Protocols

Purification of DNA recovered from agarose and polyacrylamide gels by anion-exchange chromatography

Summary

DNA fragments recovered from agarose gels, such as PCR products or digested DNA fragments, are resistant to further digestion. The reason for this resistance is multifactorial and is usually attributed to the presence of inhibitors. Purification of double-stranded DNA by positively charged ion exchange resins effectively removes inhibitors from the sample. In a low ionic strength buffer, the negatively charged DNA binds to the positively charged substrate. The source of this experiment is "Guide to Molecular Cloning, Third Edition", translated by Huang Peitang et al.

Operation method

Purification of DNA recovered from agarose and polyacrylamide gels by anion-exchange chromatography

Principle

DNA fragments recovered from agarose gels, such as PCR products or digested DNA fragments, are resistant to further digestion. The reason for this resistance is multifactorial and is usually attributed to the presence of inhibitors. Purification of double-stranded DNA by positively charged ion exchange resins effectively removes inhibitors from the sample. In a low ionic strength buffer, negatively charged DNA binds to a positively charged substrate, such as DEAE-Sephacel or DEAE-Sephadex, and the contaminant is eluted, and then the DNA is eluted from the substrate by increasing the ionic strength of the buffer. Since plasmid DNA and single-stranded DNA are difficult to elute when bound to a substrate, purification with DEAE resin is not recommended.

Materials and Instruments

DNA Sample
Ethanol Isopropanol Phenol Chloroform TE
Disposable cartridges or 2 ml syringes Resin, pre-swollen DEAE-cellulose or DEAE-Sephacel

Move

I. Materials

1. Buffers and solutions

Ethanol

Isopropyl alcohol

Phenol: chloroform (1:1, V/V)

TE ( pH 7.6)

TE ( pH 7.6) containing 0.1 mol/L NaCl

TE (pH 7.6) containing 0.2 mol/L NaCl

TE (pH 7.6) containing 0.3 mol/L NaCl

TE (pH 7.6) containing 0.6 mol/L NaCl

2. Nucleic acids and oligonucleotides

DNA samples should be dissolved in TE (pH 7.6).

3. Specialized equipment

Disposable cartridges or 2 ml syringes

Resin, pre-swollen DEAE-cellulose or DEAE-Sephacel

II. Methods

1. Suspend DEAE in 20 times the volume of TE (pH 7.6) containing 0.6 mol/L NaCl. After the resin settled, the supernatant was aspirated. The resin was gently resuspended by adding another 20 times the volume of TE (pH 7.6) containing 0.6 mol/L NaCl. After the resin resettles, aspirate most of the supernatant. The equilibrated resin can be stored at 4℃.

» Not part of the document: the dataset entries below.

(* Let $P$ be a finite poset with $n$ elements and $\theta:P\to[n]$ a bijection. Then $$\hat K_{P,\theta}=\sum_{N\ge n}\ \sum_{w\in\tilde{\mathcal J}_N(P,\theta)}\hat L_{\mathcal C(w)}.$$
   Context: A $(P,\theta)$-multiset-valued partition is a map $\sigma$ from $P$ to nonempty finite multisets of positive integers such that for every covering relation $s\lessdot t$ in $P$: $\max\sigma(s)\le\min\sigma(t)$ if $\theta(s)<\theta(t)$, and $\max\sigma(s)<\min\sigma(t)$ if $\theta(s)>\theta(t)$. $\hat K_{P,\theta}=\sum_\sigma\prod_{r\ge1}x_r^{m_r(\sigma)}$, summed over all such $\sigma$, where $m_r(\sigma)$ is the total multiplicity of $r$ in all the multisets $\sigma(p)$, $p\in P$. A linear multi-extension of $P$ by $[N]$ ($N\ge n$) is a map $e$ from $P$ to nonempty subsets of $[N]$ such that $\max e(x)<\min e(y)$ whenever $x<y$ in $P$, each $i\in[N]$ lies in $e(x)$ for exactly one $x\in P$ (denoted $e^{-1}(i)$), and no $e(x)$ contains both $i$ and $i+1$. $\tilde{\mathcal J}_N(P,\theta)$ is the set of words $\theta(e^{-1}(1))\theta(e^{-1}(2))\cdots\theta(e^{-1}(N))$ over all linear multi-extensions $e$ of $P$ by $[N]$. For a word $w=w_1\cdots w_N$ with no two consecutive letters equal, $\mathcal C(w)=(s_1,s_2-s_1,\dots,N-s_k)$ where $\{s_1<\dots<s_k\}=\{i:w_i>w_{i+1}\}$. For a composition $\alpha=(\alpha_1,\dots,\alpha_k)$ of $m$ with $S_\alpha=\{\alpha_1,\alpha_1+\alpha_2,\dots,\alpha_1+\dots+\alpha_{k-1}\}$, $\hat L_\alpha=\sum x^\sigma$ over all sequences $(\sigma_1,\dots,\sigma_m)$ of nonempty finite multisets of positive integers with $\max\sigma_j\le\min\sigma_{j+1}$ for all $j$ and strict inequality when $j\in S_\alpha$, with $x^\sigma$ the monomial counting multiplicities. *)

From mathcomp Require Import all_boot all_order.
Set Implicit Arguments. Unset Strict Implicit. Unset Printing Implicit Defensive.
Import Order.Theory.
Local Open Scope order_scope.

Definition card_eq (T : eqType) (A : T -> Prop) (c : nat) : Prop :=
  exists f : 'I_c -> T, injective f /\ (forall x, A x <-> exists i, f i = x).

(* A finite multiset of positive integers is represented canonically by the
   nondecreasing list of its elements.  min = head, max = last,
   multiplicity of r = count_mem r. *)
Definition posmset (s : seq nat) : bool := sorted leq s && all (leq 1) s.
Definition nemset (s : seq nat) : bool := posmset s && (s != [::]).
Definition mmin (s : seq nat) : nat := head 0%N s.
Definition mmax (s : seq nat) : nat := last 0%N s.

Definition covers (d : Order.disp_t) (P : finPOrderType d) (s t : P) : bool :=
  (s < t) && ~~ [exists u : P, (s < u) && (u < t)].

Definition PTpartition (d : Order.disp_t) (P : finPOrderType d)
    (theta : P -> nat) (sigma : {ffun P -> seq nat}) : Prop :=
  (forall p, nemset (sigma p)) /\
  (forall s t : P, covers s t ->
     (theta s < theta t)%N -> (mmax (sigma s) <= mmin (sigma t))%N) /\
  (forall s t : P, covers s t ->
     (theta s > theta t)%N -> (mmax (sigma s) < mmin (sigma t))%N).

(* Monomials x^m = prod_{r>=1} x_r^(m r); the value m 0 is irrelevant. *)
(* Set of (P,theta)-partitions sigma with x^sigma = x^m :
   its cardinality is the coefficient of x^m in \hat K_{P,theta}. *)
Definition Kcoeffset (d : Order.disp_t) (P : finPOrderType d)
    (theta : P -> nat) (m : nat -> nat) (sigma : {ffun P -> seq nat}) : Prop :=
  PTpartition theta sigma /\
  (forall r, (0 < r)%N -> (\sum_(p : P) count_mem r (sigma p))%N = m r).

(* Word w = w_1 ... w_N is the list [:: w_1; ...; w_N]; w_i = nth 0 w (i-1). *)
Definition descents (w : seq nat) : seq nat :=
  [seq i <- iota 1 (size w).-1 | (nth 0 w i.-1 > nth 0 w i)%N].

(* C(w) = (s_1, s_2 - s_1, ..., N - s_k) *)
Definition compC (w : seq nat) : seq nat :=
  pairmap (fun a b => b - a)%N 0%N (rcons (descents w) (size w)).

Definition setS (alpha : seq nat) : seq nat :=
  [seq sumn (take i alpha) | i <- iota 1 (size alpha).-1].

(* Sequences (sigma_1,...,sigma_M), M = |alpha|, of nonempty finite multisets
   of positive integers with max sigma_j <= min sigma_{j+1}, strict for
   j in S_alpha, and with x^sigma = x^m.  (sigma_j = nth [::] tau (j-1).)
   Its cardinality is the coefficient of x^m in \hat L_alpha. *)
Definition Lcoeffset (alpha : seq nat) (m : nat -> nat) (tau : seq (seq nat))
  : Prop :=
  size tau = sumn alpha /\
  (forall s, s \in tau -> nemset s) /\
  (forall j, (1 <= j)%N -> (j < sumn alpha)%N ->
     (mmax (nth [::] tau j.-1) <= mmin (nth [::] tau j))%N) /\
  (forall j, (1 <= j)%N -> (j < sumn alpha)%N -> j \in setS alpha ->
     (mmax (nth [::] tau j.-1) < mmin (nth [::] tau j))%N) /\
  (forall r, (0 < r)%N -> sumn [seq count_mem r s | s <- tau] = m r).

(* e : P -> subsets of [N]; the element i : 'I_N stands for the integer i+1. *)
Definition linmultiext (d : Order.disp_t) (P : finPOrderType d) (N : nat)
    (e : {ffun P -> {set 'I_N}}) : Prop :=
  (forall x, e x != set0) /\
  (forall x y : P, x < y ->
     forall i j : 'I_N, i \in e x -> j \in e y -> (i < j)%N) /\
  (forall i : 'I_N, exists! x : P, i \in e x) /\
  (forall (x : P) (i j : 'I_N), val j = (val i).+1 ->
     ~~ ((i \in e x) && (j \in e x))).

Definition inJ (d : Order.disp_t) (P : finPOrderType d) (theta : P -> nat)
    (N : nat) (w : seq nat) : Prop :=
  size w = N /\
  exists e : {ffun P -> {set 'I_N}}, linmultiext e /\
    (forall (i : 'I_N) (x : P), i \in e x -> nth 0 w i = theta x).

(* Triples (N, w, tau) with N >= n, w \in \tilde J_N(P,theta) and tau
   contributing x^m to \hat L_{C(w)}: its cardinality is the coefficient of
   x^m in  sum_{N>=n} sum_{w in \tilde J_N} \hat L_{C(w)}. *)
Definition Rcoeffset (d : Order.disp_t) (P : finPOrderType d)
    (theta : P -> nat) (m : nat -> nat)
    (t : nat * seq nat * seq (seq nat)) : Prop :=
  let: (N, w, tau) := t in
  (#|P| <= N)%N /\ inJ theta N w /\ Lcoeffset (compC w) m tau.

From mathcomp Require Import all_boot all_order zify.
From Stdlib Require Import ClassicalEpsilon.
Set Implicit Arguments. Unset Strict Implicit. Unset Printing Implicit Defensive.
Import Order.Theory.

(* Write the entries of a (P,theta)-partition sigma as pairs (v, theta p), v in
   sigma p, sort them lexicographically (value first, label second) and cut the
   list into maximal runs of equal label.  The labels of the runs form a word w
   of \tilde J_N(P,theta) and the runs form a sequence tau counted by
   \hat L_{C(w)}: the inequalities between consecutive runs are strict exactly
   when the label decreases, i.e. at the descents of w.  Reading off the
   entries of label theta p from (w, tau) gives back sigma p, and this inverse
   map is injective because a sorted list of entries has a unique decomposition
   into maximal runs. *)

Lemma card_eq_cover (T : eqType) (A : T -> Prop) (s : seq T) :
  (forall x, A x -> x \in s) -> exists c, card_eq A c.
Proof.
move=> sA.
pose a x : bool := if excluded_middle_informative (A x) then true else false.
have aP x : a x <-> A x by rewrite /a; case: excluded_middle_informative.
case: s sA => [|x0 s0] sA.
  have f : 'I_0 -> T by case.
  by exists 0, f; split=> [[]//|x]; split=> [/sA|[[]]].
pose s := undup [seq x <- x0 :: s0 | a x].
exists (size s), (fun i => nth x0 s i); split.
  by move=> i j /eqP; rewrite nth_uniq ?undup_uniq ?ltn_ord // => /eqP/val_inj.
move=> x; split=> [Ax|[i <-]].
  have xs : x \in s by rewrite mem_undup mem_filter (proj2 (aP x) Ax) sA.
  have xi : index x s < size s by rewrite index_mem.
  by exists (Ordinal xi); rewrite /= nth_index.
by have := mem_nth x0 (ltn_ord i); rewrite mem_undup mem_filter => /andP[/aP].
Qed.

2. Take 0.6 ml (enough to bind 20 μg of DNA) of DEAE suspension and fill a small column or 2 ml syringe barrel.

3. Wash the column separately with the following solutions:

3 ml of TE (pH 7.6) in 0.6 mol/L NaCl, 3 ml of TE (pH 7.6), 3 ml of TE (pH 7.6) in 0.1 mol/L NaCl, 3 ml of TE (pH 7.6).

4. Mix DNA (dissolved in TE (pH 7.6)) with an equal volume of TE (pH 7.6) containing 0.2 mol/L NaCl, sample the mixture onto a chromatography column, collect the effluent and reload the column.

5. 1.5 ml of TE (pH 7.6) containing 0.3 mol/L NaCl was washed twice.

6. 0.5 ml of TE (pH 7.6) containing 0.6 mol/L NaCl was used to elute the DNA for 3 times.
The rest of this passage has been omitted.